A bounded, append-optimized buffer with the same schema as TimeSeries. Designed for streaming ingest: data arrives over time, the buffer holds a configurable retention window, subscribers react to new events.

LiveSeries: a mutable, append-optimized buffer; events arrive over
time, retention bounds the buffer, subscribers fan out on every
push

import { LiveSeries } from 'pond-ts';

const live = new LiveSeries({
name: 'cpu',
schema,
retention: { maxEvents: 10_000 },
});

live.push([Date.now(), 0.42, 'api-1']);
live.length; // 1
live.last()?.get('cpu'); // 0.42

live.on('event', e => console.log('arrived:', e.get('cpu')));

The same operator surface is available — live.rolling('1m', ...), live.aggregate(seq, ...), live.partitionBy('host').rolling(...), live.filter(...), etc. — but operators on a live source return accumulator types (LiveRollingAggregation, LiveAggregation, LiveView) that maintain incremental state and emit events as the source advances.

live.toTimeSeries() snapshots to an immutable batch series at any time — the snapshot is independent of future pushes.

Batch and streaming as peers

The two-flavour design is deliberate:

  • Same schema type. A LiveSeries<S> can be snapshotted to a TimeSeries<S> and back; both share S exactly.
  • Same operator surface. aggregate, rolling, reduce, partitionBy, filter, map, select all exist on both. Method names match, parameter shapes match.
  • Different cost models. Batch operators walk a known dataset once. Live operators maintain incremental state and pay per-event costs as data arrives.
  • Different output types. Batch returns new TimeSeries<S>; live returns subscriber-shaped accumulators that satisfy LiveSource<S>.

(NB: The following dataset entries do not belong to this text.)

(* Let $d\ge2$ and $n\ge1$. Then $$\dim_{\mathbb C}\big(A_{d,n}/R'(1)\big)=(2^{n-1}-1)d^2-(2^{n-1}-2)d,$$ and the images in $A_{d,n}/R'(1)$ of the monomials in $$\mathcal{B}_{d,n}(1)=\Big\{x_i^ax_{i+1}^b\prod_{j=i+2}^n x_j^{\epsilon_j}\;\Big|\;1\le i<n,\ 1\le a<d,\ 0\le b<d,\ \epsilon_j\in\{0,1\}\Big\}\cup\{x_n^b\mid 0\le b<d\}$$ form a basis of $A_{d,n}/R'(1)$. (For $d=2$, $\mathcal{B}_{2,n}(1)$ is the set of all monomials $x_1^{r_1}\cdots x_n^{r_n}$, $r_j\in\{0,1\}$; for $d>2$ it is the set of monomials $x_1^{r_1}\cdots x_n^{r_n}$, $r_j\in\{0,\dots,d-1\}$, not divisible by $x_ix_k^2$ for any $i<k$ with $k-i\ge2$.)
   Context: $A_{d,n}$ is the complex group algebra of $(\mathbb Z/d\mathbb Z)^n$ with commuting generators $x_1,\dots,x_n$ satisfying $x_j^d=1$; it has basis the monomials $x_1^{r_1}\cdots x_n^{r_n}$, $r_j\in\{0,\dots,d-1\}$. A monomial $x_1^{a_1}\cdots x_n^{a_n}$ divides $x_1^{b_1}\cdots x_n^{b_n}$ (both with exponents in $\{0,\dots,d-1\}$) if $a_i\le b_i$ for all $i$. $R'(1)$ is the ideal of $A_{d,n}$ generated by the elements $(x_i-x_j)(x_i-x_k)(x_j-x_k)$ for $1\le i<j<k\le n$. *)

From HB Require Import structures.
From mathcomp Require Import all_boot all_order all_algebra all_field.
Set Implicit Arguments. Unset Strict Implicit. Unset Printing Implicit Defensive.
Import GRing.Theory Num.Theory.
Local Open Scope ring_scope.

(* Exponent vectors (r_1,...,r_n) with r_j in {0,...,d-1}: the monomials
   x_1^{r_1}...x_n^{r_n}, i.e. the group elements of (Z/dZ)^n. *)
Definition expo (d n : nat) := {ffun 'I_n -> 'I_d}.

(* The complex group algebra A_{d,n} = C[(Z/dZ)^n], realised as the
   C-vector space of functions (Z/dZ)^n -> C (coefficients on the monomial
   basis); complex numbers are MathComp's algC. *)
Definition A (d n : nat) := {ffun expo d n -> algC^o}.

(* product of A_{d,n}: convolution, using x_j^d = 1 (exponents added mod d) *)
Definition amul (d n : nat) (f g : A d n) : A d n :=
  [ffun m : expo d n => \sum_(m1 : expo d n) \sum_(m2 : expo d n
     | [forall j, ((m1 j + m2 j) %% d)%N == (m j : nat)]) f m1 * g m2].

Definition mono (d n : nat) (r : expo d n) : A d n :=
  [ffun m : expo d n => (m == r)%:R].

Definition xvar (d n : nat) (i : 'I_n) : A d n :=
  [ffun m : expo d n =>
     ((m i == 1%N :> nat) && [forall j, (j != i) ==> (m j == 0%N :> nat)])%:R].

Definition gen3 (d n : nat) (i j k : 'I_n) : A d n :=
  amul (amul (xvar d i - xvar d j) (xvar d i - xvar d k)) (xvar d j - xvar d k).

Pond is not a full streaming engine like Apache Beam or Flink — no watermarks, no exactly-once delivery, no retraction handling. Live ingest accepts ordered events with a bounded grace window for moderate reordering. See Late data for the trade-offs.

Composition rules

SourceOperator returnsMutation model
TimeSeries<S>New TimeSeries<S'>Source unchanged; chain freely
LiveSeries<S>LiveView<S'> or accumulator typeSource unchanged; subscribers attach
AccumulatorNew LiveView / accumulatorSame — accumulator-of-accumulator

Both sides are append-only-from-the-source's-perspective. A TimeSeries is fully complete when constructed; a LiveSeries grows as push is called and shrinks only via retention. Operators attached to a live source see new events arrive but never see old events change.

Where this shows up

  • Schema and construction detailsTimeSeries({ rows }), LiveSeries({ schema, retention }), JSON round-tripping — see Creating series.
  • Querying and slicingat, first, last, tail, between — see Queries and Temporal relations.
  • Windowing operatorsaggregate, rolling, reduce — see Windowing.
  • Streaming-specific concerns — ordering modes, grace, the data-as-clock model — see Late data.
  • Partitioned series — split a series by column value into per-key sub-series — see Partitioning.